Collected data =>
= = = =
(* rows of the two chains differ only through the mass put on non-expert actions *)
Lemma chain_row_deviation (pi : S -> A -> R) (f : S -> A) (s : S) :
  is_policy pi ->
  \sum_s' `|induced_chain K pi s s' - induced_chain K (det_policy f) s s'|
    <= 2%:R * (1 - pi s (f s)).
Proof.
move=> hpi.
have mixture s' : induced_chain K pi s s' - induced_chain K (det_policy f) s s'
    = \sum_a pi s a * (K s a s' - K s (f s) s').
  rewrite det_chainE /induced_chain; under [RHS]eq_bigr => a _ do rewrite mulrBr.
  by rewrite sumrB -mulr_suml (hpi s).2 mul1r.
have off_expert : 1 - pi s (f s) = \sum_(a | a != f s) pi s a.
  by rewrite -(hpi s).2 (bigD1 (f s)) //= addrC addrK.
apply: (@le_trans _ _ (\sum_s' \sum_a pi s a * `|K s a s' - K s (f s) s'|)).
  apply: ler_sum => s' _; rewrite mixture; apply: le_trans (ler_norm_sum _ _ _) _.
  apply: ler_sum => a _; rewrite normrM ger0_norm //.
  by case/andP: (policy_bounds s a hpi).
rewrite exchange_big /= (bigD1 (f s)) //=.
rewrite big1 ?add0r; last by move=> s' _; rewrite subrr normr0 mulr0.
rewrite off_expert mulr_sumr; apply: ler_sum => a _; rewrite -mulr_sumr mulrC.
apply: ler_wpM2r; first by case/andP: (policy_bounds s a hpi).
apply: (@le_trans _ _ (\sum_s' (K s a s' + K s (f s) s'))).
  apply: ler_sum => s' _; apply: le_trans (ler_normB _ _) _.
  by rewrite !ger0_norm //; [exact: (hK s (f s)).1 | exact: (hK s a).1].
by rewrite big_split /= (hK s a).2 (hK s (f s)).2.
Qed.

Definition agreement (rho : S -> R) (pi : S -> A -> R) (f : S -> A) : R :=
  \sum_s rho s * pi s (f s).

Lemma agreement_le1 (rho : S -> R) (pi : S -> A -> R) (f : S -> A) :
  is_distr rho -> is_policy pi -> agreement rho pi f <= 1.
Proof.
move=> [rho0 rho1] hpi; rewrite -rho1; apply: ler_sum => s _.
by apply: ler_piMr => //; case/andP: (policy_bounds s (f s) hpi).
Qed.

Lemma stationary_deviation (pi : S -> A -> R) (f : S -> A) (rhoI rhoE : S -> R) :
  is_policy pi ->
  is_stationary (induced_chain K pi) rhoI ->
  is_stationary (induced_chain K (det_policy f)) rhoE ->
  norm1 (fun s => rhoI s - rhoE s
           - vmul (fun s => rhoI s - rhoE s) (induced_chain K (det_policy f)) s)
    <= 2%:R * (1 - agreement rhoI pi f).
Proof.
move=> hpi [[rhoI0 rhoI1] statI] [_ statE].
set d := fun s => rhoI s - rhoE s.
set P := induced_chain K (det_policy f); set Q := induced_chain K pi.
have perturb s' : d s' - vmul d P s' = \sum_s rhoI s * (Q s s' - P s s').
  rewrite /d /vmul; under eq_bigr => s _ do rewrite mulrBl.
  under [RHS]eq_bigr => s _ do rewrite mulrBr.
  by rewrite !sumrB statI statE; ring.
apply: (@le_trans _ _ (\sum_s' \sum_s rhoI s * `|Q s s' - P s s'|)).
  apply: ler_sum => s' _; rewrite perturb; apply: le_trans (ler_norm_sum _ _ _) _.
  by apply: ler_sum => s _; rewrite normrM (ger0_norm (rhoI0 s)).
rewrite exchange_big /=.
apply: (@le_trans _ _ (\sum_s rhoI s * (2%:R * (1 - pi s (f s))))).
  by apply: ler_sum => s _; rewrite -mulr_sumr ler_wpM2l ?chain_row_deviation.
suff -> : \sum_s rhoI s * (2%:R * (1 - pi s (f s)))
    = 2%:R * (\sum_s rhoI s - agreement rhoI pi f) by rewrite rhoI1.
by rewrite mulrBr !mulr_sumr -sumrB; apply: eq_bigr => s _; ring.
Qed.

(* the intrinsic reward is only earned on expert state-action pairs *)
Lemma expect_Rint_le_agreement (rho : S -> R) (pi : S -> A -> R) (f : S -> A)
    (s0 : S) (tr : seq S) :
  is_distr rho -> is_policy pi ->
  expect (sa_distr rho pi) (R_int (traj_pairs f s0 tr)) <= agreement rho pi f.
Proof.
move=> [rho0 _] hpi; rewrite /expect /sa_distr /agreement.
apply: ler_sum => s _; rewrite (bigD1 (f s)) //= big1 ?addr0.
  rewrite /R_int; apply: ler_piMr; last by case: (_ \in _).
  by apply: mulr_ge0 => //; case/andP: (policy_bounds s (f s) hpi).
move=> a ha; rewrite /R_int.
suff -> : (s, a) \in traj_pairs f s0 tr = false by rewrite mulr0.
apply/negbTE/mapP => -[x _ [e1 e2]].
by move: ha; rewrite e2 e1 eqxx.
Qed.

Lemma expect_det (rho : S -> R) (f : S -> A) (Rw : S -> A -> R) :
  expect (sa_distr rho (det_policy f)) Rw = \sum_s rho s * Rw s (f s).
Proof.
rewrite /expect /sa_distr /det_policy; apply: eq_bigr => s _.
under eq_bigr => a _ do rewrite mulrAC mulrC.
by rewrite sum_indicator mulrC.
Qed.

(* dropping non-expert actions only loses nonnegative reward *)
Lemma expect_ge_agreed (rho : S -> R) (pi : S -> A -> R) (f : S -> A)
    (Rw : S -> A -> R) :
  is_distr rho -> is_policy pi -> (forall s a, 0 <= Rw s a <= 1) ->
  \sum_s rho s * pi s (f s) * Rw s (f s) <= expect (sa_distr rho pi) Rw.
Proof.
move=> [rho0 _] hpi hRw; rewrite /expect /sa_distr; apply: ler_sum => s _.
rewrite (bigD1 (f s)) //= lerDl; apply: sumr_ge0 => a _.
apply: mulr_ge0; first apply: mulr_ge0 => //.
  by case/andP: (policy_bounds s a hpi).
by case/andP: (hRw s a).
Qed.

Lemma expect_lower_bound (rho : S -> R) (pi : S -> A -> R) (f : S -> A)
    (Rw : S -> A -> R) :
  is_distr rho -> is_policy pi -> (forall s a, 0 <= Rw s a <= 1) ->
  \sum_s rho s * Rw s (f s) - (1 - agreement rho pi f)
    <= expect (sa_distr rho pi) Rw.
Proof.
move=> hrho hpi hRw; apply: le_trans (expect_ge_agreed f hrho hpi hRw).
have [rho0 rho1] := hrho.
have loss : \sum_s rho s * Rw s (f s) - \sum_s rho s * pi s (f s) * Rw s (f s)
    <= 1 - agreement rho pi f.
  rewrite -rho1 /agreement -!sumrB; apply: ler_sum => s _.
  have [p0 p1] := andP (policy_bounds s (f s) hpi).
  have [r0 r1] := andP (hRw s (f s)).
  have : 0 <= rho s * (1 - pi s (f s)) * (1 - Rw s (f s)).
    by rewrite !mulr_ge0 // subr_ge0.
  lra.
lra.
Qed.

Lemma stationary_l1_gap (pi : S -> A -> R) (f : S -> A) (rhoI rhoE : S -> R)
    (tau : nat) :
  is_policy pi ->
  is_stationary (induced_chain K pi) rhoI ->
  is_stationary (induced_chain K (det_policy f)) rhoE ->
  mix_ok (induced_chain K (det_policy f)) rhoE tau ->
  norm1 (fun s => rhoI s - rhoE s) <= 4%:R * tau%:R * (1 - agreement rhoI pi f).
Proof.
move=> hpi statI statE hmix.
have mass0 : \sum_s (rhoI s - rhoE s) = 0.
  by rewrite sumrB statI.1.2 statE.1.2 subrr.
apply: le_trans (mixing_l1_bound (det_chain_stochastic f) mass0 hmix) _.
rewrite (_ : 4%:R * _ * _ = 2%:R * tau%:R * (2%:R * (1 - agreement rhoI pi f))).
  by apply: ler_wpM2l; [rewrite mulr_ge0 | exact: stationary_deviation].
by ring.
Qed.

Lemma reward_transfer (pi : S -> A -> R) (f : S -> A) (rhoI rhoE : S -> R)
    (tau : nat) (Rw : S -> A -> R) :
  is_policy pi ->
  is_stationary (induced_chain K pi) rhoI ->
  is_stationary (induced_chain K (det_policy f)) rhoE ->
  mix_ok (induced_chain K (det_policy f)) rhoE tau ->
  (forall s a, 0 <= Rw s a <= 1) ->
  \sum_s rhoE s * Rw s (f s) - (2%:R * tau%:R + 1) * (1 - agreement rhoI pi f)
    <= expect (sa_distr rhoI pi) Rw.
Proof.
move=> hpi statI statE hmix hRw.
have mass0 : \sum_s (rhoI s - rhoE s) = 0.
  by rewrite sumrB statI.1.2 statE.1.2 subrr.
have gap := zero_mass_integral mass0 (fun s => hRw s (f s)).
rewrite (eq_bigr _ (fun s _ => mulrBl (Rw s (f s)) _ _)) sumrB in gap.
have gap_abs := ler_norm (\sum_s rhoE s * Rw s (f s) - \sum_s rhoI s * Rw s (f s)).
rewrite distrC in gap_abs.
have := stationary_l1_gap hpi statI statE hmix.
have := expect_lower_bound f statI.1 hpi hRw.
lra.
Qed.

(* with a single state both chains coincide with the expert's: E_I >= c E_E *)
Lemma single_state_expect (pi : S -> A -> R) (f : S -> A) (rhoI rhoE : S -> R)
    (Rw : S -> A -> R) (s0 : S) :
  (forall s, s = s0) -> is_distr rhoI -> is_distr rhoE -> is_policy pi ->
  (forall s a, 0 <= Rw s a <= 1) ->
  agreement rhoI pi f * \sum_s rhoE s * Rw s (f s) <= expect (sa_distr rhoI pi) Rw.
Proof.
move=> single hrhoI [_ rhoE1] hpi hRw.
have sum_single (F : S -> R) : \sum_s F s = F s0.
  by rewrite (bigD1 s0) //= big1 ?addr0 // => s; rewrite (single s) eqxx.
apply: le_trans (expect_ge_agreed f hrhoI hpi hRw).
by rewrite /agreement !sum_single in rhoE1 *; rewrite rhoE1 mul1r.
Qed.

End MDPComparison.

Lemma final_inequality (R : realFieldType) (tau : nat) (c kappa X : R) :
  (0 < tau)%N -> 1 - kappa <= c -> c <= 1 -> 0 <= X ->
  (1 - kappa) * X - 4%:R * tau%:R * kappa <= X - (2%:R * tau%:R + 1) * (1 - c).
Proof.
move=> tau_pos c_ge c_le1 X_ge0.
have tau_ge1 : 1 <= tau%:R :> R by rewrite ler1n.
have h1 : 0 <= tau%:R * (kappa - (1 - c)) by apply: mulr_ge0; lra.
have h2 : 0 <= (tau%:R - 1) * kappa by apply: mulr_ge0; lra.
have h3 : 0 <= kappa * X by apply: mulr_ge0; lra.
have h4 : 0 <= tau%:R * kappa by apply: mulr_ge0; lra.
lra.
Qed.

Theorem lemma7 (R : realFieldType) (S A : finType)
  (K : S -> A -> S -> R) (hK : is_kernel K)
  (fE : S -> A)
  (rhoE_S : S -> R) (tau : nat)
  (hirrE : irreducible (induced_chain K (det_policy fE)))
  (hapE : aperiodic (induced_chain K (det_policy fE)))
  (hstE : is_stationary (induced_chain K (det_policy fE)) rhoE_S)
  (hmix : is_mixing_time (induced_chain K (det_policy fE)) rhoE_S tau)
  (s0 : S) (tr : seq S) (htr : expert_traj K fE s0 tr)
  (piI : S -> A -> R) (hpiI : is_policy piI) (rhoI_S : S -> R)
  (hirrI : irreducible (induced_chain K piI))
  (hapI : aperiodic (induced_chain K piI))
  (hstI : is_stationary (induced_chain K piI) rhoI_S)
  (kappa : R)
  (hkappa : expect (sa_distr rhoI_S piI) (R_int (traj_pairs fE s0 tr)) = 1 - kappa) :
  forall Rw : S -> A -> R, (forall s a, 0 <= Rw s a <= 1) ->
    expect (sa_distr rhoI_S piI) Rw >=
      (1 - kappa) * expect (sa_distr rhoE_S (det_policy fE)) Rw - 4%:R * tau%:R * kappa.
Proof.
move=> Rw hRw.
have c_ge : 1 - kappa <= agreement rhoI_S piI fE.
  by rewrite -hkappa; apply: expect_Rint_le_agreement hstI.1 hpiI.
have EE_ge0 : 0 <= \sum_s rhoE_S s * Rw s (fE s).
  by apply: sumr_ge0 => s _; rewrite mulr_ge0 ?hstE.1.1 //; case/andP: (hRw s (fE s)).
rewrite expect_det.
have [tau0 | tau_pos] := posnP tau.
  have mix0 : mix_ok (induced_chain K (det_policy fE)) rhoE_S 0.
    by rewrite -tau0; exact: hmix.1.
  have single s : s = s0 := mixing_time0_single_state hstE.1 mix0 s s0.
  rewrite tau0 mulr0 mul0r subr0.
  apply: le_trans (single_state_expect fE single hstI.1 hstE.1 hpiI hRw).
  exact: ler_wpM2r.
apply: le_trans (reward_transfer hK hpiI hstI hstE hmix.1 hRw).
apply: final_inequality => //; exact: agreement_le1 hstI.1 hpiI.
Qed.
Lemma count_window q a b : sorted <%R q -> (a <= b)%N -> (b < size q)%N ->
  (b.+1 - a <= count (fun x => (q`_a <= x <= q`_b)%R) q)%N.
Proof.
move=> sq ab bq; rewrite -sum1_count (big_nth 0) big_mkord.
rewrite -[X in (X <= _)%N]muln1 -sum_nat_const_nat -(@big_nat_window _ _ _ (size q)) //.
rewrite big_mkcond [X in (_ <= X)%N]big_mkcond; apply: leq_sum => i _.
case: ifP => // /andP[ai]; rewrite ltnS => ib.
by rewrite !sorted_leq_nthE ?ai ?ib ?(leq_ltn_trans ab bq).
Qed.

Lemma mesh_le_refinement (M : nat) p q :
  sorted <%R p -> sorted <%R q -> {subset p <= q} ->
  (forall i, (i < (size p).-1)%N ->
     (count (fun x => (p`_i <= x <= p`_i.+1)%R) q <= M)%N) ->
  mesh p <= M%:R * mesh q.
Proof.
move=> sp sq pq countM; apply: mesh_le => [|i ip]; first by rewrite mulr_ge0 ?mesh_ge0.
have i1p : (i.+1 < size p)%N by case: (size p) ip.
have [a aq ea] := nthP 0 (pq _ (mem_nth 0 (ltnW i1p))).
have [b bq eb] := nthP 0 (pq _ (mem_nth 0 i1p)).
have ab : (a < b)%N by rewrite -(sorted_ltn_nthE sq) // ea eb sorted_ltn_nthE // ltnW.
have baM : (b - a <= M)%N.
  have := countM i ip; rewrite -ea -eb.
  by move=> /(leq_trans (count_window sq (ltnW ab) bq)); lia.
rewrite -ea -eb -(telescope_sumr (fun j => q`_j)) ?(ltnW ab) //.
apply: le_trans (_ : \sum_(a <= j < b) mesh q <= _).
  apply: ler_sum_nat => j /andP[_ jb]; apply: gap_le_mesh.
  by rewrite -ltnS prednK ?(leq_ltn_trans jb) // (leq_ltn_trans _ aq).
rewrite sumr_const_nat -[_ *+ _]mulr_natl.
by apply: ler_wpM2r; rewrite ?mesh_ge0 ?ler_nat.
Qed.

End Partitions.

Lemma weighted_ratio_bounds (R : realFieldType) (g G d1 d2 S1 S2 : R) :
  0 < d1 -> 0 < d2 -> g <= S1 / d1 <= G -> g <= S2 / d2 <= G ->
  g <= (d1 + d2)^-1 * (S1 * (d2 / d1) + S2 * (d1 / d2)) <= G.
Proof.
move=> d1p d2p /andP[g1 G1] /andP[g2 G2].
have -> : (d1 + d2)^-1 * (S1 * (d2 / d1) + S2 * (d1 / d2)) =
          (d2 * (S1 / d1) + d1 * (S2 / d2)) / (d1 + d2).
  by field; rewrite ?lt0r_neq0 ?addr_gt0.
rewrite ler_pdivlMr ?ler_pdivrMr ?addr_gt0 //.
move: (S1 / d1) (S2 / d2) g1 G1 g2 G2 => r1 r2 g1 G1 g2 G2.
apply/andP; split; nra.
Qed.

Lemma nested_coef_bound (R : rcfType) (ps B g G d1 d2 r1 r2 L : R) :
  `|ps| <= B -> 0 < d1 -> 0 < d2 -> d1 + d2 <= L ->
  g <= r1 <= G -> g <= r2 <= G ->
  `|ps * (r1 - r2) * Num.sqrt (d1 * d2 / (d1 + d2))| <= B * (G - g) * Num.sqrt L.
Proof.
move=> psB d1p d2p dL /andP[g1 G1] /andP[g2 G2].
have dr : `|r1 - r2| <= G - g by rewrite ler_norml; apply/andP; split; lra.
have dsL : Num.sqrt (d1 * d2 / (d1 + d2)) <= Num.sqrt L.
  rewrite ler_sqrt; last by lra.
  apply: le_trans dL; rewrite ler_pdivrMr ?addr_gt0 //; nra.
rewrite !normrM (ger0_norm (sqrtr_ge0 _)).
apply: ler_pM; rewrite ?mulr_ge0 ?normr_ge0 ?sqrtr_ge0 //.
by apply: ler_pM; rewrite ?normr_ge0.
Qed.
= = = =
Exercise prompt => Lines from the top of the entries above to the line that contains "rewrite off_expert mulr_sumr;" should be set down exactly, please, with both ends kept and nothing added.

Worked solution =>
(* rows of the two chains differ only through the mass put on non-expert actions *)
Lemma chain_row_deviation (pi : S -> A -> R) (f : S -> A) (s : S) :
  is_policy pi ->
  \sum_s' `|induced_chain K pi s s' - induced_chain K (det_policy f) s s'|
    <= 2%:R * (1 - pi s (f s)).
Proof.
move=> hpi.
have mixture s' : induced_chain K pi s s' - induced_chain K (det_policy f) s s'
    = \sum_a pi s a * (K s a s' - K s (f s) s').
  rewrite det_chainE /induced_chain; under [RHS]eq_bigr => a _ do rewrite mulrBr.
  by rewrite sumrB -mulr_suml (hpi s).2 mul1r.
have off_expert : 1 - pi s (f s) = \sum_(a | a != f s) pi s a.
  by rewrite -(hpi s).2 (bigD1 (f s)) //= addrC addrK.
apply: (@le_trans _ _ (\sum_s' \sum_a pi s a * `|K s a s' - K s (f s) s'|)).
  apply: ler_sum => s' _; rewrite mixture; apply: le_trans (ler_norm_sum _ _ _) _.
  apply: ler_sum => a _; rewrite normrM ger0_norm //.
  by case/andP: (policy_bounds s a hpi).
rewrite exchange_big /= (bigD1 (f s)) //=.
rewrite big1 ?add0r; last by move=> s' _; rewrite subrr normr0 mulr0.
rewrite off_expert mulr_sumr; apply: ler_sum => a _; rewrite -mulr_sumr mulrC.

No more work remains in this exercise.